History of Afternoon Teas
The history of tea dates back almost 5,000 years and tea itself now has more than 3,000 different variations. The most widely consumed beverage in the world has both a historical and cultural importance that cannot be rivaled.
Tea is one of the most popular beverages in the world, second only to water. More health-conscious Americans are turning to tea, rich in polyphenols, natural plant compounds with potent antibacterial and antiviral properties.
In the Beginning: The Tea
From the beginning of tea-drinking time, good health has been associated with tea. Tea was, in fact, first regarded as a medicine. Today, scientific investigations continue to report that positive health benefits do exist. Research has shown that tea contains benefits from specific antioxidants to help prevent the onset of chronic diseases. Antioxidants are compounds that help the body fight harmful free radicals. Tea is also a rich source of the plant substances known as flavonoids, which can also be found in broccoli, oranges and other foods including wine.

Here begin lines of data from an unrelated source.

Lemma stable_lattice_perturb : exists n, forall D, entries_vge v D n ->
  forall x, stable_lattice x -> stable_lattice (conjmx P D *m x).
Proof.
have [nP P_bounded] := entries_vge_exists v P.
have [nPi Pi_bounded] := entries_vge_exists v (invmx P).
exists (- n_rho - nP - nPi) => D D_small x hx; apply: stable_lattice_of_vge.
have := vec_vgeM hv (entries_vgeM hv (entries_vgeM hv P_bounded D_small) Pi_bounded)
  (stable_lattice_int hx).
by rewrite conjumx // => h i; apply: vgeW (h i) _; lia.
Qed.

Lemma lattice_stabilizer_closed (Ys : nat -> 'M[K]_2) L :
  (forall k, lattice_stabilizer (Ys k)) ->
  (forall n, exists k0, forall k, (k0 <= k)%N -> near_mx v (Ys k) L n) ->
  lattice_stabilizer L.
Proof.
move=> Ys_stab Ys_L.
have [n0 bounded] := lattice_stabilizer_bounded.
have [n_small perturb] := stable_lattice_perturb.
pose m := Order.min n0 0.
have Ys_m k : entries_vge v (Ys k) m.
  by apply: entries_vgeW (bounded _ (Ys_stab k)) _; rewrite ge_min lexx.
have L_m : entries_vge v L m.
  have [k0 near0] := Ys_L 0; move=> i j.
  have -> : L i j = Ys k0 i j + (L i j - Ys k0 i j) by ring.
  apply: (vgeD hv); first exact: Ys_m.
  by apply: vgeW (near0 k0 (leqnn _) i j) _; rewrite ge_min lexx orbT.
have [k1 near1] := Ys_L n_small; have [_ stab1 stab_adj1] := Ys_stab k1.
have small_diff : entries_vge v (L - Ys k1) n_small.
  by move=> i j; rewrite !mxE; apply: near1.
split.
- apply/eqP; rewrite -subr_eq0; apply/eqP; apply: vge_eq0 => n.
  have [k near_k] := Ys_L (n - m); have [detYk _ _] := Ys_stab k.
  rewrite -detYk (_ : n = n - m + m); last by rewrite subrK.
  exact: vge_det_near hv (Ys_m k) L_m (near_k k (leqnn _)).
- move=> x hx.
  have -> : conjmx P L *m x = conjmx P (Ys k1) *m x + conjmx P (L - Ys k1) *m x.
    by rewrite -mulmxDl -conjmxD addrC subrK.
  by apply: stable_latticeD; [apply: stab1|apply: perturb].
- move=> x hx.
  have -> : conjmx P (adj2 L) *m x
            = conjmx P (adj2 (Ys k1)) *m x + conjmx P (adj2 (L - Ys k1)) *m x.
    by rewrite -mulmxDl -conjmxD adj2B addrC subrK.
  by apply: stable_latticeD; [apply: stab_adj1|apply: perturb (entries_vge_adj2 hv small_diff) _ _].
Qed.

End LatticeStabilizer.

Unset Implicit Arguments.

Theorem lemma4p14
  (K : fieldType) (v : K -> int)
  (hv : is_discrete_valuation v) (hcomplete : complete_val v)
  (hres : finite_residue_field v)
  (Gam : Type) (mul : Gam -> Gam -> Gam) (inv : Gam -> Gam) (one : Gam)
  (hGam : is_group mul inv one)
  (rho : Gam -> 'M[K]_2)
  (hrhoSL : forall g, in_SL2 (rho g))
  (hrho_hom : forall g h, psl_eq (rho (mul g h)) (rho g *m rho h))
  (Ups : Gam -> Prop) (hUps : is_normal_subgroup mul inv one Ups)
  (hfix : exists p, valid_point v p /\ forall u, Ups u -> fixes_point (rho u) p)
  (hzar : zariski_dense_SL2 (fun A => exists g, psl_eq A (rho g)))
  (hnoncpt : ~ exists H, [/\ psl_subgroup H, psl_compact v H
                           & forall g, H (rho g)]) :
  forall u, Ups u -> psl_eq (rho u) 1%:M.
Proof.
move=> u Ups_u; apply: NNPP => rho_u_neq1.
have [pi [pi_neq0 pi_gt0 pi_min]] := exists_uniformizer hv.
have pi_neq1 : pi != 1 by apply: contraTneq pi_gt0 => ->; rewrite (dval1 hv) ltxx.
have [p [valid_p fix_p]] := hfix.
have [P [P_unit P_bounds]] := fixed_point_bound hv pi_neq0 pi_gt0 valid_p.
have Ups_bounded w : Ups w -> entries_vge v (conjmx P (rho w)) (- v pi).
  by move=> Ups_w; apply: P_bounds; [apply: hrhoSL|apply: fix_p].
have [n rho_bounded] := rho_conj_bounded hGam hrhoSL hrho_hom hUps hzar Ups_u
  rho_u_neq1 P_unit pi_neq0 pi_neq1 hv Ups_bounded.
have stab_subgroup := lattice_stabilizer_subgroup hv rho P_unit.
have [stab_psl _ _ _] := stab_subgroup.
apply: hnoncpt; exists (lattice_stabilizer v rho P); split => //.
- have [N0 stab_bounded] := lattice_stabilizer_bounded hv hGam hrhoSL hrho_hom P_unit
    rho_bounded pi_neq0 pi_gt0.
  apply: (heine_borel hv hcomplete hres pi_neq0 pi_gt0 pi_min stab_psl stab_bounded).
  exact: (lattice_stabilizer_closed hv hGam hrhoSL hrho_hom P_unit rho_bounded pi_neq0 pi_gt0).
- exact: (lattice_stabilizer_rho hv hGam hrhoSL hrho_hom P_unit).
Qed.
Lemma card_agree_off c' S : #|agree_off c' S| <= M.+1 ^ #|S|.
Proof.
pose restrict c : colouring := [ffun x => if x \in S then c x else ord0].
have restrict_inj : {in agree_off c' S &, injective restrict}.
  move=> c1 c2; rewrite !inE => /forall_inP c1E /forall_inP c2E /ffunP eq12.
  apply/ffunP => x; have := eq12 x; rewrite !ffunE.
  case: ifP => [// | xS _]; have x_out : x \in ~: S by rewrite inE xS.
  by rewrite (eqP (c1E x x_out)) (eqP (c2E x x_out)).
rewrite -(card_in_imset restrict_inj).
have -> : M.+1 ^ #|S| = #|pffun_on (@ord0 M) S predT|.
  by rewrite card_pffun_on cardT size_enum_ord.
apply/subset_leq_card/subsetP => _ /imsetP[c _ ->].
apply/pffun_onP; split=> // ; apply/subsetP => x.
by rewrite inE ffunE; case: ifP; rewrite ?eqxx.
Qed.

Lemma fiber_sub i c' S :
  fiber i c' S \subset setX (agree_off c' S) [set A in F | S \subset A].
Proof.
apply/subsetP => -[c A]; rewrite !inE /= => /andP[/and3P[AF _ _] /eqP[<- <-]].
rewrite AF (fragment_sub i.+1) !andbT; apply/forall_inP => x; rewrite inE => x_out.
by rewrite ffunE (negbTE x_out).
Qed.

Lemma fiber_mem_cond i c' S p : i <= M -> p \in fiber i c' S ->
  (S \in powerset (canonical_fragment i c')) && (quota i.+1 < #|S|).
Proof.
case: p => c A iM; rewrite !inE /= => /andP[/and3P[AF A_small A_breaks] /eqP[<- <-]].
by rewrite fragment_sub_canonical // ltnNge.
Qed.

Lemma quota_le_double i : quota i <= 2 * quota i.+1 + 1.
Proof.
rewrite /quota expnSr divnMA; set k := n %/ 2 ^ i.
by have := divn_eq k 2; have := ltn_pmod k (isT : 0 < 2); lia.
Qed.

Lemma subn_le_quota L i : 2 ^ L <= 2 * n -> i < L -> L - i <= (quota i.+1).+1.
Proof.
move=> L_le i_lt; case: (ltnP i.+1 L) => [i_lt' | ]; last by lia.
have L_eq : L = (L - i.+2) + i.+2 by rewrite subnK.
have pow_le : 2 ^ (L - i.+2) <= quota i.+1.
  rewrite /quota leq_divRL ?expn_gt0 // -expnD.
  by move: L_le; rewrite {1}L_eq addnS expnS leq_pmul2l.
by have := ltn_expl (L - i.+2) (isT : 1 < 2); lia.
Qed.

Hypothesis F_small : {in F, forall A, #|A| <= n}.

Definition oversized L := [set p : colouring * {set 'I_N} | (p.2 \in F) && ~~ small L p.1 p.2].

Lemma card_oversized_le_sum L : #|oversized L| <= \sum_(i < L) #|breaks i|.
Proof.
elim: L => [|L IH].
  rewrite big_ord0 leqn0 cards_eq0; apply/eqP/setP => -[c A]; rewrite !inE /=.
  by case AF: (A \in F) => //=; rewrite /small /quota expn0 divn1 F_small.
rewrite big_ord_recr /= (leq_trans _ (leq_add IH (leqnn _))) //.
apply: leq_trans (leq_card_setU _ _); apply/subset_leq_card/subsetP => -[c A].
by rewrite !inE /= => /andP[-> ->]; case: small.
Qed.

Section Counting.
Variables (R : realType) (r : R).
Hypotheses (r_gt0 : (0 < r)%R) (F_spread : spread r F).

Local Open Scope ring_scope.

Let y : R := M.+1%:R / r.

Let y_ge0 : 0 <= y. Proof. by rewrite divr_ge0 ?ltW. Qed.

During a time when so many people are trying to improve their health, reassess priorities and take more time to relax and enjoy life, making tea a regular part of your daily routine seems so natural. Tea, full of health-promoting antioxidants and minerals, is a natural part of a healthy lifestyle.
The tradition of teatime has long been a cherished one, bringing tranquil settings to the mind, delicate refreshments to the palate, and warm conversation with good friends to the heart.
There is perhaps nothing more warming to the soul than a hot scone spread generously with sweet jam and clotted cream, along with a hearty cup of tea.
Afternoon tea was introduced in England by Anna, the seventh Duchess of Bedford, in the year 1840. The Duchess would become hungry around four o’clock in the afternoon. The evening meal in her household was served fashionably late at eight o’clock, thus leaving a long period of time between lunch and dinner.
What are the origins of high tea?
The British tradition of High Tea began in the mid-1700s as an afternoon meal usually served between 3 and 4 o’clock. Initially, it was a meal for the working man, taken standing up or sitting on tall stools, thus ‘high’. Tea with cakes, scones, even cheese on toast would have been served.
How Tea Was Discovered?
According to legend, tea was first discovered by the legendary Chinese emperor and herbalist, Shennong, in 2737 BCE. It is said that the emperor liked his drinking water boiled before he drank it so it would be clean, so that is what his servants did.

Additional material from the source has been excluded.